On February 26 Amnesty International reported that more than 35 women had suffered violent attacks and arrest in Tehran alone since the campaign began, and that dozens of women are at risk of being punished with prison sentences.
RFE/RL Central Newsroom Senior Correspondent and editor of the award-winning Persian Letters blog Golnaz Esfandiari spoke to RFE/RL Pressroom about the significance of the protests and the courageous women behind them.
RFE/RL Pressroom: Women in Iran have protested the hijab rule before, but what stirred this most recent wave of dissent?
Golnaz Esfandiari: I think the recent protests are the continuation of years of opposition against the compulsory hijab, which violates the most basic rights of women and puts them at risk of harassment, detention, and other forms of punishment.

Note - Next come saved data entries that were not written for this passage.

(* Assume (A1) and (A3). Then for every $\bar\alpha\in\{0,1\}^m$ and every $i\in\{1,\dots,m\}$, the nonstandard derivative $[D^{NS}J(\bar\alpha)]_i$ exists (the defining one-sided limit exists), is unique and finite, and $$[D^{NS}J(\bar\alpha)]_i=\int_0^T\Big(\big(f(x^{\bar\alpha}(t),\bar\alpha+\mathbf 1_i)-f(x^{\bar\alpha}(t),\bar\alpha)\big)^\top\lambda^{\bar\alpha}(t)+r(x^{\bar\alpha}(t),\bar\alpha+\mathbf 1_i)-r(x^{\bar\alpha}(t),\bar\alpha)\Big)\,dt$$ if $\bar\alpha_i=0$, and $$[D^{NS}J(\bar\alpha)]_i=\int_0^T\Big(\big(f(x^{\bar\alpha}(t),\bar\alpha)-f(x^{\bar\alpha}(t),\bar\alpha-\mathbf 1_i)\big)^\top\lambda^{\bar\alpha}(t)+r(x^{\bar\alpha}(t),\bar\alpha)-r(x^{\bar\alpha}(t),\bar\alpha-\mathbf 1_i)\Big)\,dt$$ if $\bar\alpha_i=1$.
   Context: Fix integers $n,m\ge 1$, a horizon $T>0$, a set $\mathcal X\subseteq\mathbb R^n$ and an initial state $\mathbf x\in\mathcal X$. Let $f:\mathbb R^n\times\mathbb R^m\to\mathbb R^n$, $r:\mathbb R^n\times\mathbb R^m\to\mathbb R$, $q:\mathbb R^n\to\mathbb R$. For $\beta\in\{0,1\}^m$, $x^\beta:[0,T]\to\mathbb R^n$ is the solution of $\dot x(t)=f(x(t),\beta)$, $x(0)=\mathbf x$ (assumed to exist uniquely on $[0,T]$). For a function $z:[0,T]\to\mathbb R^n$ in $L^2$ with a well-defined value $z(T)$ and $\beta\in\mathbb R^m$, set $\mathcal J(z,\beta)=\int_0^T r(z(t),\beta)\,dt+q(z(T))$; the payoff is $J(\beta)=\mathcal J(x^\beta,\beta)$. $\mathbf 1_i$ denotes the $i$-th standard basis vector of $\mathbb R^m$. (A1): for each $\alpha\in\{0,1\}^m$, $f(\cdot,\alpha)$ is twice differentiable with continuous second derivative and globally Lipschitz on $\mathcal X$. (A3): for each $\alpha\in\{0,1\}^m$, $r(\cdot,\alpha)$ and $q$ are continuously differentiable. Adjoint: for $\bar\alpha\in\{0,1\}^m$, $\lambda^{\bar\alpha}:[0,T]\to\mathbb R^n$ solves $-\dot\lambda(t)=\frac{\partial f}{\partial x}(x^{\bar\alpha}(t),\bar\alpha)^\top\lambda(t)+\frac{\partial r}{\partial x}(x^{\bar\alpha}(t),\bar\alpha)^\top$, $\lambda(T)=\frac{\partial q}{\partial x}(x^{\bar\alpha}(T))^\top$ (i.e. $-\dot\lambda=\partial_x H^\top$ with Hamiltonian $H(x,\lambda,\alpha)=\lambda^\top f(x,\alpha)+r(x,\alpha)$). $\epsilon$-variational system: for $\bar\alpha,\alpha\in\{0,1\}^m$ and $\epsilon\in[0,1]$, $x^{\epsilon(\bar\alpha,\alpha)}$ is the solution of $\dot x(t)=(1-\epsilon)f(x(t),\bar\alpha)+\epsilon f(x(t),\alpha)$, $x(0)=\mathbf x$, and $\mathcal J^{\epsilon(\bar\alpha,\alpha)}(z):=(1-\epsilon)\mathcal J(z,\bar\alpha)+\epsilon\mathcal J(z,\alpha)$. Nonstandard derivative: $[D^{NS}J(\bar\alpha)]_i:=\lim_{\epsilon\to0^+}\frac1\epsilon\big[\mathcal J^{\epsilon(\bar\alpha,\bar\alpha+\mathbf 1_i)}(x^{\epsilon(\bar\alpha,\bar\alpha+\mathbf 1_i)})-\mathcal J(x^{\bar\alpha},\bar\alpha)\big]$ if $\bar\alpha_i=0$, and $[D^{NS}J(\bar\alpha)]_i:=\lim_{\epsilon\to0^+}\frac1\epsilon\big[\mathcal J(x^{\bar\alpha},\bar\alpha)-\mathcal J^{\epsilon(\bar\alpha,\bar\alpha-\mathbf 1_i)}(x^{\epsilon(\bar\alpha,\bar\alpha-\mathbf 1_i)})\big]$ if $\bar\alpha_i=1$. *)

From Stdlib Require Import Reals ClassicalEpsilon.
From mathcomp Require Import ssreflect ssrfun ssrbool eqtype ssrnat seq fintype bigop.
Set Implicit Arguments. Unset Strict Implicit.
Open Scope R_scope.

Pressroom: Do the protests represent a wider movement for women’s rights in Iran, or human rights or political rights more broadly?
Esfandiari: These are unprecedented acts of civil disobedience against one of the pillars and most visible symbols of the Islamic Republic. The protests have sparked a debate about the compulsory hijab, which has been a sensitive topic. These women have brought domestic and international attention to the issue of the hijab and made it harder for authorities to claim that the majority of Iranian women support the hijab rule. Even hijabi women have expressed solidarity with the women who are removing their scarves in public.
These women are sending a clear message: they want to have the right to decide about their appearance in public. It's a protest against four decades of discrimination and humiliation. They're standing up for their rights, knowing that they are likely to be arrested and sentenced to prison. We've received reports that some of them have been beaten up by the police. There's a video of one of them being violently confronted by a security officer. Her leg has been reportedly injured as a result of being pushed down from a utility box.
Pressroom: In Freedom House’s 2017 Freedom of the Press report, Iran scored 90 out of 100 points (100 being the least free.) How do you report on stories like this under such restrictive media conditions?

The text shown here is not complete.